Re: Error in validator?

On 09.07.01 at 12:23, Eric Meyer <> wrote:

>    You've almost made my point: the quoted text says quite clearly that 
>plain SGML validation is not enough, and that a specialized validation 
>is needed to fully handle HTML.  That could easily be read to say that 
>HTML is not exactly SGML, and so any place where HTML diverges from 
>standard SGML practice should be handled by an HTML validator.  After 
>all, it's called the "HTML Validator," not the "SGML Validator using a 
>sort-of-HTML DTD."

Actually, you are falling victim to the same "popularization" that you
advocate here. :-)

The "W3C HTML Validator" is really the "W3C SGML Validator"; it just
happens to be made mostly for validating SGML documents in the HTML family
(or, possibly, genus). What Björn meant when he said "can't be done" is
that the W3C HTML Validator can't actually check conformance to the HTML
Reccommendation _because_ it's an SGML validator and not an HTML Validator.
The HTML Rec. contains many constraints that are not possible to express in
SGML, this beeing one of them.

The reason it's name contains "HTML" and not "SGML" is that your average
webduhsigner has never heard of "SGML", but "HTML" is familiar. If they
don't know SGML they don't read the DTD; or, to twist it into context, if
they don't read the DTD it's a safe bet that they don't know SGML.

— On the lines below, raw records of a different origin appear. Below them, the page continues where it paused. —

Lemma gen_tail_le z N t : 0 <= z < 1 -> (1 <= N)%nat -> 0 <= t <= T ->
  gen_tail z N t <= phi0_max ^ 2 * ((1 + z) / 2) ^ S N / (1 - (1 + z) / 2) ^ 2.
Proof.
  intros Hz HN Ht. set (rho := (1 + z) / 2).
  set (z' := z / rho ^ 2).
  assert (Hrho : 0 < rho ^ 2) by (unfold rho; nra).
  assert (Hz' : 0 <= z' < 1).
  { unfold z'. split; [apply Rdiv_le_0_compat; lra|].
    apply Rmult_lt_reg_r with (rho ^ 2); [exact Hrho|].
    unfold Rdiv. rewrite Rmult_assoc, Rinv_l by lra. unfold rho. nra. }
  (* [weighted_phi_bound] at [z' < 1] gives [z^k |phi^k| <= phi0_max rho^(2k)]. *)
  apply cauchy_tail_le; [lia|unfold rho; lra|]. intros k.
  rewrite Rabs_mult, Rabs_right by (apply Rle_ge, pow_le; lra).
  replace z with (rho ^ 2 * z') by (unfold z', rho; field; lra).
  rewrite Rpow_mult_distr, <- pow_mult, Rmult_assoc, (Rmult_comm phi0_max).
  apply Rmult_le_compat_l; [apply pow_le; unfold rho; lra|].
  apply weighted_phi_bound; assumption.
Qed.

Lemma gen_sum_cv z t : 0 <= z < 1 -> 0 <= t <= T ->
  Un_cv (fun N => gen_sum z N t) (gen_fun z t).
Proof.
  intros Hz Ht. set (rho := (1 + z) / 2).
  apply (Un_cv_of_geometric_bound _ _
    (phi0_max ^ 2 * rho * exp T / (1 - rho) ^ 2) rho 1); [unfold rho; lra|].
  intros N HN.
  assert (HF := gen_fun_has_deriv_on z ltac:(lra)).
  assert (HFT := gen_fun_at_end z ltac:(lra)).
  assert (HFnn := fun s => gen_fun_nonneg z s ltac:(lra)).
  assert (Hlow := gen_sum_lower_bound z _ N ltac:(lra) HF HFT HFnn HN t Ht).
  assert (Hup := gen_sum_upper_bound z _ N _ ltac:(lra) HF HFT HFnn HN
    (fun s Hs => gen_tail_le z N s Hz HN Hs) t Ht).
  fold rho in Hup. rewrite Rabs_right by lra. eapply Rle_trans; [exact Hup|].
  assert (0 <= phi0_max ^ 2 * rho ^ S N / (1 - rho) ^ 2).
  { apply Rdiv_le_0_compat; [apply Rmult_le_pos; [nra|apply pow_le]|]; unfold rho; nra. }
  assert (exp (T - t) <= exp T) by (apply exp_le_exp_compat; lra).
  replace (phi0_max ^ 2 * rho * exp T / (1 - rho) ^ 2 * rho ^ N)
    with (phi0_max ^ 2 * rho ^ S N / (1 - rho) ^ 2 * exp T)
    by (simpl; field; unfold rho; lra).
  nra.
Qed.

Lemma gen_fun_le s t : 0 < s <= 1 -> 0 <= t <= T -> gen_fun (1 - s ^ 2) t <= s * phi0_max.
Proof.
  intros Hs Ht. unfold gen_fun. replace (1 - (1 - s ^ 2)) with (s ^ 2) by ring.
  assert (Hw : sqrt (eps * s ^ 2) = sqrt eps * s)
    by (rewrite sqrt_mult_alt, sqrt_pow2; lra).
  assert (Heps : 0 < sqrt eps) by (apply sqrt_lt_R0; lra).
  rewrite Hw. destruct (riccati_bounds (sqrt eps * s) (c * s ^ 2) T t
    ltac:(nra) ltac:(nra) ltac:(lra)) as [_ Hup].
  assert (Hws : 0 <= sqrt eps * s <= sqrt eps) by nra.
  assert (HE : exp (2 * (sqrt eps * s) * (T - t)) <= exp (2 * sqrt eps * T))
    by (apply exp_le_exp_compat; nra).
  assert (1 <= exp (2 * (sqrt eps * s) * (T - t))) by (apply one_le_exp; nra).
  assert (Hcs : c * s ^ 2 <= c * s) by (apply Rmult_le_compat_l; [lra|simpl; nra]).
  assert ((sqrt eps * s + c * s ^ 2) * exp (2 * (sqrt eps * s) * (T - t))
          <= s * (sqrt eps + c) * exp (2 * sqrt eps * T))
    by (apply Rmult_le_compat; nra).
  unfold phi0_max. nra.
Qed.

In the future, XML Schema Language is the solution to this problem. It's a
formal vocabulary (and system?) for doing more advanced validation of
documents then you can with DTD-based validation[0].

In the mean time -- that is, until the W3C starts issuing a Schema along
with the DTD for new Reccommendations! -- you get SGML/DTD-based Validation
and an option to use various "lints" such as Weblint or Tidy.

The Validator used to have an iption to use Weblint, but it fell too far
behind the times and so was removed. Tidy is picking up the pace lately,
but we're waiting on a specific featureset to be implemented before
evaluating inclusion in the Validator. It's on the TODO tho´.

But the main reason the Validator doesn't do this kind of checking is that
it would by definition be arbitrary limits imposed to the good or bad taste
of the implementor. The only means available to formally validate documents
in the HTML family is using an SGML Parser and a DTD. The prose in the HTML
reccomendation is not machine parseable! We /could/ write checks for this,
but it would be subject to interpretation by whoever implemented them.

[0] - Or so I'm told; I wouldn't know a Schema from a Klingon. :-)

Received on Saturday, 14 July 2001 23:49:56 UTC